Horsbøl Trine A, Saltbæk Lena, Urhammer Caroline, Karlsen Randi V, Johansen Christoffer, Bidstrup Pernille E, Høeg Beverley L, Zoffmann Vibeke, Belmonte Federica, Andersen Ingelise, Friberg Anne S, Svendsen Mads N, Christensen Helle G, Glavicic Vesna, Nielsen Dorte L, Dalton Susanne O
National Institute of Public Health, University of Southern Denmark, Copenhagen, Denmark; Cancer Survivorship, Danish Cancer Institute, Copenhagen, Denmark.
Cancer Survivorship, Danish Cancer Institute, Copenhagen, Denmark; Department of Clinical Oncology and Palliative Care, Zealand University Hospital, Denmark.
Acta Oncol. 2025 Jan 8;64:34-39. doi: 10.2340/1651-226X.2025.42221.
We previously demonstrated positive effects on quality of life and mental health following breast cancer when comparing a nurse-led follow-up program without scheduled visits (MyHealth) to regular follow-up. This study aims to examine whether MyHealth also positively impacts self-reported work ability.
PATIENTS/MATERIAL AND METHODS: A total of 288 patients, potentially active on the labour market, were randomized to MyHealth or control follow-up after primary treatment for early-stage breast cancer (2017-2019). MyHealth included individual self-management sessions, electronic symptom monitoring, and assistance with navigating healthcare services. Control follow-up consisted of biannual outpatient visits with a physician. Linear mixed-effect models were applied to evaluate the effect of MyHealth on self-reported work ability at 6, 12, 24, and 36 months after randomization as measured by the Work Ability Score (WAS).

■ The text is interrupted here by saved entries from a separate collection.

(* Let $s \geq 1$, $\Pi \subset [s]$, and $u \in \mathbb{Z}$ with $|\Pi| > u \geq 0$, let $v \in \mathbb{Z}$, and let $\Gamma, \alpha \in \mathbb{Z}^s$. Then \[ \sum_{\substack{\sigma \in \mathfrak{S}_s \\ M \subset \Pi}} (-1)^{|M|} \operatorname{sgn}(\sigma)\, \Delta_s(\sigma \cdot^\alpha \Gamma - 1_M) \binom{v - |M| + u}{u} = 0, \] where $\binom{v - |M| + u}{u}$ denotes the polynomial $\frac{1}{u!}\prod_{i=1}^u (v - |M| + i)$.
   Context: For $\sigma \in \mathfrak{S}_s$ and $\Gamma = (\gamma_1,\ldots,\gamma_s), \alpha = (\alpha_1, \ldots, \alpha_s) \in \mathbb{Z}^s$, $\sigma \cdot^\alpha \Gamma \in \mathbb{Z}^s$ has $\ell$-th entry $\gamma_{\sigma^{-1}(\ell)} + \alpha_{\sigma^{-1}(\ell)} - \alpha_\ell$. $\Delta_s(y_1, \ldots, y_s) = \prod_{1 \leq v < w \leq s}(y_w - y_v)$. $1_M \in \{0,1\}^s$ is the indicator vector of $M \subset [s]$. *)

From HB Require Import structures.
From mathcomp Require Import all_boot all_order all_algebra all_fingroup.
Set Implicit Arguments. Unset Strict Implicit. Unset Printing Implicit Defensive.
Import Order.TTheory GRing.Theory Num.Theory.
Local Open Scope ring_scope.

Definition Delta (s : nat) (y : 'I_s -> int) : int :=
  \prod_(v < s) \prod_(w < s | (v < w)%N) (y w - y v).

Definition twact (s : nat) (sigma : 'S_s) (alpha Gamma : 'I_s -> int) : 'I_s -> int :=
  fun l => Gamma ((sigma^-1)%g l) + alpha ((sigma^-1)%g l) - alpha l.

Definition ind (s : nat) (M : {set 'I_s}) : 'I_s -> int :=
  fun l => (l \in M)%:R.

Definition polybinom (x : int) (u : nat) : rat :=
  (\prod_(1 <= i < u.+1) (x%:~R + i%:R)) / (u`!)%:R.

From HB Require Import structures.
From mathcomp Require Import all_boot all_order all_algebra all_fingroup.
From mathcomp Require Import ring.
Import Order.TTheory GRing.Theory Num.Theory.
Local Open Scope ring_scope.

(* As a Vandermonde determinant, Delta(sigma .^alpha Gamma - 1_M) is
   det(((Gamma + alpha)_(sigma^-1 k) - (alpha + 1_M)_k)^i); after expanding the
   determinant and reindexing, its alternating sum over sigma is a sum over
   tau of determinants whose i-th row is shifted by (alpha + 1_M)_(tau i).
   Such shifts do not change a Vandermonde determinant, so the sum over sigma
   is s! Delta(Gamma + alpha), independent of M.  What is left,
   sum_(M <= Pi) (-1)^|M| binom(v - |M| + u, u), is a finite difference of
   order |Pi| > u of a polynomial of degree u in v, hence 0. *)

Lemma eq_Delta n (y z : 'I_n -> int) : y =1 z -> Delta y = Delta z.
Proof. by move=> yz; apply: eq_bigr => i _; apply: eq_bigr => j _; rewrite !yz. Qed.

Lemma Delta_det n (y : 'I_n -> int) :
  Delta y = \det (\matrix_(i < n, k < n) y k ^+ i).
Proof.
have -> : \matrix_(i < n, k < n) y k ^+ i = Vandermonde n (\row_k y k).
  by apply/matrixP => i k; rewrite !mxE.
rewrite det_Vandermonde; apply: eq_bigr => i _.
by apply: eq_bigr => j _; rewrite !mxE.
Qed.

Lemma det_powers_shift {R : comPzRingType} {n : nat} (b d : 'I_n -> R) :
  \det (\matrix_(i < n, k < n) (b k - d i) ^+ i)
  = \det (\matrix_(i < n, k < n) b k ^+ i).
Proof.
(* By the binomial theorem the shifted matrix is a unitriangular matrix times
   the unshifted one. *)
set L := \matrix_(i < n, j < n) ((- d i) ^+ (i - j) *+ 'C(i, j)).
have -> : \matrix_(i < n, k < n) (b k - d i) ^+ i
          = L *m \matrix_(i < n, k < n) b k ^+ i.
  apply/matrixP => i k; rewrite !mxE addrC exprDn.
  under [RHS]eq_bigr do rewrite !mxE mulrnAl.
  rewrite -[RHS](big_mkord xpredT (fun j => ((- d i) ^+ (i - j) * b k ^+ j) *+ 'C(i, j))).
  rewrite (big_cat_nat (n := i.+1)) //= big_mkord [X in _ = _ + X]big_nat_cond.
  by rewrite [X in _ = _ + X]big1 ?addr0 // => j /andP[/andP[/bin_small-> _] _].
rewrite det_mulmx det_trig ?big1 ?mul1r // => [i _|].
  by rewrite mxE subnn binn.
by apply/is_trig_mxP => i j lt_ij; rewrite mxE bin_small.
Qed.

Lemma sum_sign_Delta_shift n (b c : 'I_n -> int) :
  \sum_(sigma : 'S_n)
     (-1) ^+ odd_perm sigma * Delta (fun l => b ((sigma^-1)%g l) - c l)
  = Delta b *+ n`!.
Proof.
under eq_bigr do rewrite Delta_det /(\det _) mulr_sumr.
rewrite exchange_big /= -card_Sn -sumr_const; apply: eq_bigr => tau _.
rewrite Delta_det -(det_powers_shift b (c \o tau)) /(\det _).
rewrite [RHS](reindex_inj (h := fun sigma : 'S_n => (tau * sigma^-1)%g)) /=; last first.
  by move=> sigma1 sigma2 /mulgI /invg_inj.
apply: eq_bigr => sigma _; rewrite odd_permM odd_permV signr_addb mulrCA mulrA.
by congr (_ * _); apply: eq_bigr => i _; rewrite !mxE permM.
Qed.

Lemma polybinom0 (x : int) : polybinom x 0 = 1.
Proof. by rewrite /polybinom big_geq // divr1. Qed.

Lemma polybinom_pascal (x : int) (u : nat) :
  polybinom x u.+1 - polybinom (x - 1) u.+1 = polybinom x u.
Proof.
set P := \prod_(1 <= i < u.+1) (x%:~R + i%:R : rat).
have prodS : \prod_(1 <= i < u.+2) (x%:~R + i%:R : rat) = P * (x%:~R + u.+1%:R).
  by rewrite big_nat_recr.
have prodS_pred : \prod_(1 <= i < u.+2) ((x - 1)%:~R + i%:R : rat) = x%:~R * P.
  rewrite big_nat_recl // rmorphB /=; congr (_ * _); first ring.
  by apply: eq_bigr => i _; rewrite -addn1 natrD; ring.
have fact_neq0 : (u`!%:R : rat) != 0 by rewrite pnatr_eq0 -lt0n fact_gt0.
have uS_neq0 : (u%:R + 1 : rat) != 0 by rewrite natr1 pnatr_eq0.
rewrite /polybinom prodS prodS_pred factS natrM -natr1 -/P.
by field; rewrite fact_neq0 uS_neq0.
Qed.

Lemma sum_subsets_D1 {T : finType} {V : nmodType} {P : {set T}} {x : T}
    (F : {set T} -> V) :
  x \in P ->
  \sum_(M : {set T} | M \subset P) F M
  = \sum_(M : {set T} | M \subset P :\ x) (F M + F (x |: M)).
Proof.
move=> xP; rewrite big_split /= (bigID (fun M : {set T} => x \in M)) /= addrC.
congr (_ + _); first by apply: eq_bigl => M; rewrite subsetD1.
rewrite (reindex_onto (fun M => x |: M) (fun M => M :\ x)) /=; last first.
  by move=> M /andP[_ xM]; rewrite setD1K.
apply: eq_bigl => M; rewrite subsetD1 setU11 andbT subUset sub1set xP /=.
case xM: (x \in M); last by rewrite setU1K ?xM // eqxx.
rewrite andbF; case: eqP => [xMx|_]; last by rewrite andbF.
by have := setD11 x (x |: M); rewrite xMx xM.
Qed.

Lemma sum_subsets_sign_polybinom (T : finType) (u : nat) (P : {set T}) (v : int) :
  (u < #|P|)%N ->
  \sum_(M : {set T} | M \subset P) ((-1) ^+ #|M| * polybinom (v - #|M|%:Z) u) = 0.
Proof.
elim: u P v => [|u IH] P v ltuP;
  have /set0Pn [x xP] : P != set0 by [rewrite -card_gt0 (leq_ltn_trans _ ltuP)];
  rewrite (sum_subsets_D1 _ xP).
  rewrite big1 // => M; rewrite subsetD1 => /andP[_ xM].
  by rewrite cardsU1 xM exprS !polybinom0; ring.
have ltuPx : (u < #|P :\ x|)%N by move: ltuP; rewrite (cardsD1 x P) xP.
apply: etrans (IH (P :\ x) v ltuPx).
apply: eq_bigr => M; rewrite subsetD1 => /andP[_ xM].
rewrite cardsU1 xM add1n exprS intS opprD addrA addrAC.
by rewrite -[polybinom _ u]polybinom_pascal; ring.
Qed.

Theorem corollary6p4 (s : nat) (Pi : {set 'I_s}) (u : nat) (v : int)
    (Gamma alpha : 'I_s -> int) :
  (1 <= s)%N -> (u < #|Pi|)%N ->
  \sum_(sigma : 'S_s) \sum_(M : {set 'I_s} | M \subset Pi)
     ((-1) ^+ #|M| * (-1) ^+ odd_perm sigma
      * (Delta (fun l => twact sigma alpha Gamma l - ind M l))%:~R
      * polybinom (v - (#|M|)%:Z) u : rat) = 0.
Proof.
move=> _ ltuPi.
set K : int := Delta (fun k => Gamma k + alpha k) *+ s`!.
have sum_sigma M : \sum_(sigma : 'S_s) ((-1) ^+ odd_perm sigma
    * (Delta (fun l => twact sigma alpha Gamma l - ind M l))%:~R : rat) = K%:~R.
  rewrite /K -(sum_sign_Delta_shift _ _ (fun l => alpha l + ind M l)) rmorph_sum.
  apply: eq_bigr => sigma _; rewrite rmorphM /= rmorph_sign.
  by congr (_ * _%:~R); apply: eq_Delta => l; rewrite /twact; ring.
rewrite exchange_big /= (eq_bigr (fun M : {set 'I_s} =>
  (-1) ^+ #|M| * polybinom (v - #|M|%:Z) u * K%:~R)).
  by rewrite -mulr_suml sum_subsets_sign_polybinom ?mul0r.
move=> M _; rewrite -(sum_sigma M) mulr_sumr; apply: eq_bigr => sigma _.
by rewrite [RHS]mulrACA [in RHS](mulrC (polybinom _ _)) [RHS]mulrA.
Qed.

Work ability increased significantly in both groups during the first 6 months (mean WAS increase MyHealth: 1.64, 95% confidence interval [CI]: 1.26; 2.02 and control: 1.57, 95% CI: 1.17; 1.97) and continued to increase slightly but non-significantly (p-values > 0.13) until end of follow-up at 36 months. Improvement was especially pronounced among patients reporting poor work ability at baseline. Differences in mean WAS between patients in MyHealth and control follow-up were non-significant and close to zero at all time points (-0.21 to 0.48).
The MyHealth follow-up program had no additional effect on self-reported work ability compared to regular follow-up. Future interventions should target patients with poor work ability and include components specifically designed to enhance work ability.
我们之前比较了无定期访视的护士主导的随访项目(MyHealth)与常规随访对乳腺癌患者生活质量和心理健康的影响,结果显示MyHealth有积极作用。本研究旨在探讨MyHealth是否也能对自我报告的工作能力产生积极影响。
患者/材料与方法:共有288例可能活跃于劳动力市场的患者在接受早期乳腺癌初级治疗后(2017 - 2019年)被随机分为MyHealth组或对照随访组。MyHealth包括个体自我管理课程、电子症状监测以及医疗服务导航协助。对照随访包括每半年与医生进行一次门诊就诊。采用线性混合效应模型来评估MyHealth对随机分组后6个月、12个月、24个月和36个月时自我报告的工作能力的影响,工作能力通过工作能力得分(WAS)来衡量。
在最初的6个月里,两组的工作能力均显著提高(MyHealth组WAS平均增加:1.64,95%置信区间[CI]:1.26;2.02;对照组:1.57,95% CI:1.17;1.97),并且在36个月随访结束前持续略有增加但不显著(p值>0.13)。在基线时报告工作能力较差的患者中,改善尤为明显。MyHealth组和对照随访组患者的平均WAS差异不显著,在所有时间点均接近零(-0.21至0.48)。
与常规随访相比,MyHealth随访项目对自我报告的工作能力没有额外影响。未来的干预措施应针对工作能力较差的患者,并包括专门设计用于提高工作能力的组成部分。